• **Task objective**
Your task is to reproduce exactly the lines that run from the beginning of the data through the line where "have := weight_addb_le" appears.

[Stored data]
Definition barrier p (RO : set 'cV[R]_p) (b : 'cV[R]_p -> \bar R) : Prop :=
  [/\ (forall o, (interior RO) o -> b o \is a fin_num),
      (forall o, ~ (interior RO) o -> b o = +oo%E),
      (forall (x y : 'cV[R]_p) (l : R), 0 <= l <= 1 ->
          (b (l *: x + (1 - l) *: y)%R <= l%:E * b x + (1 - l)%:E * b y)%E),
      (forall o, (interior RO) o -> {for o, continuous b}) &
      (forall x, closure RO x -> ~ (interior RO) x ->
          b @ within (interior RO) (nbhs x) --> +oo%E)].

Definition hpart d p (Ls : 'cV[R]_p -> \bar R) (b : 'cV[R]_p -> \bar R)
    (D : 'M[R]_(p, d)) (P : 'M[R]_p) (q : 'cV[R]_p) (z : 'cV[R]_d) : \bar R :=
  ereal_inf (range (fun o : 'cV[R]_p => (Ls (D *m z + P *m o + q)%R + b o)%E)).

Definition logPhat d k p (mu : 'cV[R]_k -> 'cV[R]_d) (Sigma : 'M[R]_d)
    (Ls : 'cV[R]_p -> \bar R) (b : 'cV[R]_p -> \bar R)
    (D : 'M[R]_(p, d)) (P : 'M[R]_p) (q : 'cV[R]_p) (beta : 'cV[R]_k) : \bar R :=
  (- ereal_inf (range (fun s : 'cV[R]_d =>
       ((1/2 * quadf (invmx Sigma) (s - mu beta))%:E + hpart Ls b D P q s)%E)))%E.

Definition sstar_obj d p (Sigma : 'M[R]_d)
    (Ls : 'cV[R]_p -> \bar R) (b : 'cV[R]_p -> \bar R)
    (D : 'M[R]_(p, d)) (P : 'M[R]_p) (q : 'cV[R]_p) (y z : 'cV[R]_d) : \bar R :=
  (((z^T *m y) 0 0 - 1/2 * quadf (invmx Sigma) z)%:E - hpart Ls b D P q z)%E.
Lemma weight_encode_pair_ge n (K : nat -> bool) i j :
  i < j -> j < 2 ^ n -> K i -> K j -> (forall k, k < j -> k != i -> ~~ K k) ->
  2 ^ tij n i i + 2 ^ tij n j j <= weight n (encode n K) + 2 ^ (tij n i j).+1.
Proof.
elim: n K i j => [|n IHn] K i j lt_ij lt_j Ki Kj K_min; first by move: lt_j; rewrite expn0; lia.
rewrite weight_encodeS.
case/ltn_exp2S_split: lt_j lt_ij Kj K_min => [lt_j | [j' lt_j' ->]] lt_ij Kj K_min.
  have lt_i : i < 2 ^ n by lia.
  rewrite !tijS !(bit_small lt_i) !(bit_small lt_j) !addn0.
  have := weight_addb_le n (encode n K) (encode n (upper n K)).
  have := IHn K i j lt_ij lt_j Ki Kj K_min; lia.
have upper_min k : k < j' -> k + 2 ^ n != i -> ~~ upper n K k.
  by move=> lt_k ne_ki; apply: K_min; first lia.
rewrite !tijS !tij_addnr !tij_addnl bit_addn_top //.
have lt_i : i < 2 ^ n.+1 by rewrite expnS; lia.
case/ltn_exp2S_split: lt_i Ki lt_ij upper_min K_min
  => [lt_i | [i' lt_i' ->]] Ki lt_ij upper_min K_min.
  have K_low c : encode n K c = submask n c i.
    by apply: encode_pred1 => // k lt_k; apply: K_min; lia.
  under eq_weight => c _ do rewrite K_low.
  have upper_min' k : k < j' -> ~~ upper n K k by move=> lt_k; apply: upper_min; lia.
  have := weight_addb_submask_ge i lt_j' Kj upper_min'.
  by rewrite bit_small //= !addn0 addn1 !expnS; lia.
have K_low c : encode n K c = false.
  by apply: encode_eq0 => k lt_k; apply: K_min; lia.
rewrite (@eq_weight n _ (encode n (upper n K))) => [|c _]; last by rewrite K_low.
have lt_ij' : i' < j' by lia.
have upper_min' k : k < j' -> k != i' -> ~~ upper n K k.
  by move=> lt_k ne_ki; apply: upper_min => //; apply: contra ne_ki => /eqP ?; apply/eqP; lia.
have := IHn (upper n K) i' j' lt_ij' lt_j' Ki Kj upper_min'.
by rewrite !tij_addnl !tij_addnr bit_addn_top //= !addn1 !expnS; lia.
Qed.

Local Open Scope ring_scope.

Lemma natr_odd_F2 m : ((odd m)%:R : 'F_2) = m%:R.
Proof. by rewrite -modn2 Fp_nat_mod. Qed.

Lemma natr_addb_F2 (x y : bool) : ((x (+) y : nat)%:R : 'F_2) = x%:R + y%:R.
Proof. by rewrite -natrD -[RHS]natr_odd_F2 oddD !oddb. Qed.

Lemma natr_bool_F2_eq0 (b : bool) : ((b%:R : 'F_2) == 0) = ~~ b.
Proof. by case: b; rewrite ?oner_eq0 ?eqxx. Qed.

Lemma F2_natr_neq0 (y : 'F_2) : y = (y != 0)%:R.
Proof. by case: y => [[|[|m]] //= lt_y]; apply: val_inj. Qed.

Lemma natr_big_andb (R : pzSemiRingType) m (b : nat -> bool) :
  ((\big[andb/true]_(r < m) b r : nat)%:R : R) = \prod_(r < m) (b r : nat)%:R.
Proof.
by apply: (big_morph (fun x : bool => (x : nat)%:R : R)) => [[] []|] /=;
  rewrite ?mul1r ?mul0r.
Qed.

Lemma polarG_entry n (k c : 'I_(2 ^ n)) : polarG n k c = (submask n c k)%:R.
Proof.
rewrite mxE /submask (@natr_big_andb _ n (fun r => bit r c ==> bit r k)).
apply: eq_bigr => r _.
by rewrite mxE !inordK ?ltnS ?leq_b1 //; case: (bit r k); case: (bit r c).
Qed.

Lemma grow_entry n (k c : 'I_(2 ^ n)) : grow k 0 c = (submask n c k)%:R.
Proof. by rewrite mxE polarG_entry. Qed.

Lemma wt_natr n (x : 'rV['F_2]_(2 ^ n)) (f : nat -> bool) :
  (forall c : 'I_(2 ^ n), x 0 c = (f c)%:R) -> wt x = weight n f.
Proof.
move=> xE; rewrite /wt -sum1_card big_mkcond /weight big_mkord; apply: eq_bigr => c _.
by rewrite in_set xE natr_bool_F2_eq0 negbK; case: (f c).
Qed.

Definition coef_support n (b : 'I_(2 ^ n) -> 'F_2) (k : nat) : bool :=
  if insub k is Some o then b o != 0 else false.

• **Your response**
Definition barrier p (RO : set 'cV[R]_p) (b : 'cV[R]_p -> \bar R) : Prop :=
  [/\ (forall o, (interior RO) o -> b o \is a fin_num),
      (forall o, ~ (interior RO) o -> b o = +oo%E),
      (forall (x y : 'cV[R]_p) (l : R), 0 <= l <= 1 ->
          (b (l *: x + (1 - l) *: y)%R <= l%:E * b x + (1 - l)%:E * b y)%E),
      (forall o, (interior RO) o -> {for o, continuous b}) &
      (forall x, closure RO x -> ~ (interior RO) x ->
          b @ within (interior RO) (nbhs x) --> +oo%E)].

Definition hpart d p (Ls : 'cV[R]_p -> \bar R) (b : 'cV[R]_p -> \bar R)
    (D : 'M[R]_(p, d)) (P : 'M[R]_p) (q : 'cV[R]_p) (z : 'cV[R]_d) : \bar R :=
  ereal_inf (range (fun o : 'cV[R]_p => (Ls (D *m z + P *m o + q)%R + b o)%E)).

Definition logPhat d k p (mu : 'cV[R]_k -> 'cV[R]_d) (Sigma : 'M[R]_d)
    (Ls : 'cV[R]_p -> \bar R) (b : 'cV[R]_p -> \bar R)
    (D : 'M[R]_(p, d)) (P : 'M[R]_p) (q : 'cV[R]_p) (beta : 'cV[R]_k) : \bar R :=
  (- ereal_inf (range (fun s : 'cV[R]_d =>
       ((1/2 * quadf (invmx Sigma) (s - mu beta))%:E + hpart Ls b D P q s)%E)))%E.

Definition sstar_obj d p (Sigma : 'M[R]_d)
    (Ls : 'cV[R]_p -> \bar R) (b : 'cV[R]_p -> \bar R)
    (D : 'M[R]_(p, d)) (P : 'M[R]_p) (q : 'cV[R]_p) (y z : 'cV[R]_d) : \bar R :=
  (((z^T *m y) 0 0 - 1/2 * quadf (invmx Sigma) z)%:E - hpart Ls b D P q z)%E.
Lemma weight_encode_pair_ge n (K : nat -> bool) i j :
  i < j -> j < 2 ^ n -> K i -> K j -> (forall k, k < j -> k != i -> ~~ K k) ->
  2 ^ tij n i i + 2 ^ tij n j j <= weight n (encode n K) + 2 ^ (tij n i j).+1.
Proof.
elim: n K i j => [|n IHn] K i j lt_ij lt_j Ki Kj K_min; first by move: lt_j; rewrite expn0; lia.
rewrite weight_encodeS.
case/ltn_exp2S_split: lt_j lt_ij Kj K_min => [lt_j | [j' lt_j' ->]] lt_ij Kj K_min.
  have lt_i : i < 2 ^ n by lia.
  rewrite !tijS !(bit_small lt_i) !(bit_small lt_j) !addn0.
  have := weight_addb_le n (encode n K) (encode n (upper n K)).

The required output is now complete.